[[ Records for this task, beginning ]]

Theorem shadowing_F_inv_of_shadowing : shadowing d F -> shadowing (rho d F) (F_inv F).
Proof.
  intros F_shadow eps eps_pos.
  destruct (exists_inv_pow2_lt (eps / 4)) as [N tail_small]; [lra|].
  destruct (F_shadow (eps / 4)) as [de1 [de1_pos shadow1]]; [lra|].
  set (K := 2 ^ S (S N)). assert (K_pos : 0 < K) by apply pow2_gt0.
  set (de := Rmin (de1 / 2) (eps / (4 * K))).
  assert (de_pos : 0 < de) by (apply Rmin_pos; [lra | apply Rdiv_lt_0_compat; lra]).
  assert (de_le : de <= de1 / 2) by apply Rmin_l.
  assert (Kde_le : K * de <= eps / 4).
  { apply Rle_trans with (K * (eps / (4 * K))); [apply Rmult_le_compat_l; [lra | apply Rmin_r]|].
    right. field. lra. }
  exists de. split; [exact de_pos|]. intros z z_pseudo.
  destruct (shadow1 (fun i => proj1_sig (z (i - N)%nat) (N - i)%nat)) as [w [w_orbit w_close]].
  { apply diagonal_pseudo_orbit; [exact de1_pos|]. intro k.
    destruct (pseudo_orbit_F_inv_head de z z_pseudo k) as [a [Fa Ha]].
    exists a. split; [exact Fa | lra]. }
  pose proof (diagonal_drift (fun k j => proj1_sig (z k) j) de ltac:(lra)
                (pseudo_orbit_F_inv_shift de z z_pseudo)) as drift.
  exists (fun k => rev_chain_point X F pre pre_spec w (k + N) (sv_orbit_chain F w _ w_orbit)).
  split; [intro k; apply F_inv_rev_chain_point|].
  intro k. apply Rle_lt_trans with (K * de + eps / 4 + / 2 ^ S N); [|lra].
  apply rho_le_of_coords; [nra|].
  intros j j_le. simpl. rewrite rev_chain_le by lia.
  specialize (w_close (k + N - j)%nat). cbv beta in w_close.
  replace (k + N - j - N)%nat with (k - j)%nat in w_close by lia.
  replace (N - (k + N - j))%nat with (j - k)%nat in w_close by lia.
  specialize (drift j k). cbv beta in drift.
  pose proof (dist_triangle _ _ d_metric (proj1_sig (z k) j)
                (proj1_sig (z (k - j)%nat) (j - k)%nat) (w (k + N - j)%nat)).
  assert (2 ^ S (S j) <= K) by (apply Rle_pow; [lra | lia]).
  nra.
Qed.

[[ Records for this task, end ]]

Exercise requirements: Verbatim output is expected for the lines from the start of the data to the line in which "set (de := Rmin (de1 / 2) (eps / (4 * K)))." appears, both included.

Exercise output:
Theorem shadowing_F_inv_of_shadowing : shadowing d F -> shadowing (rho d F) (F_inv F).
Proof.
  intros F_shadow eps eps_pos.
  destruct (exists_inv_pow2_lt (eps / 4)) as [N tail_small]; [lra|].
  destruct (F_shadow (eps / 4)) as [de1 [de1_pos shadow1]]; [lra|].
  set (K := 2 ^ S (S N)). assert (K_pos : 0 < K) by apply pow2_gt0.
  set (de := Rmin (de1 / 2) (eps / (4 * K))).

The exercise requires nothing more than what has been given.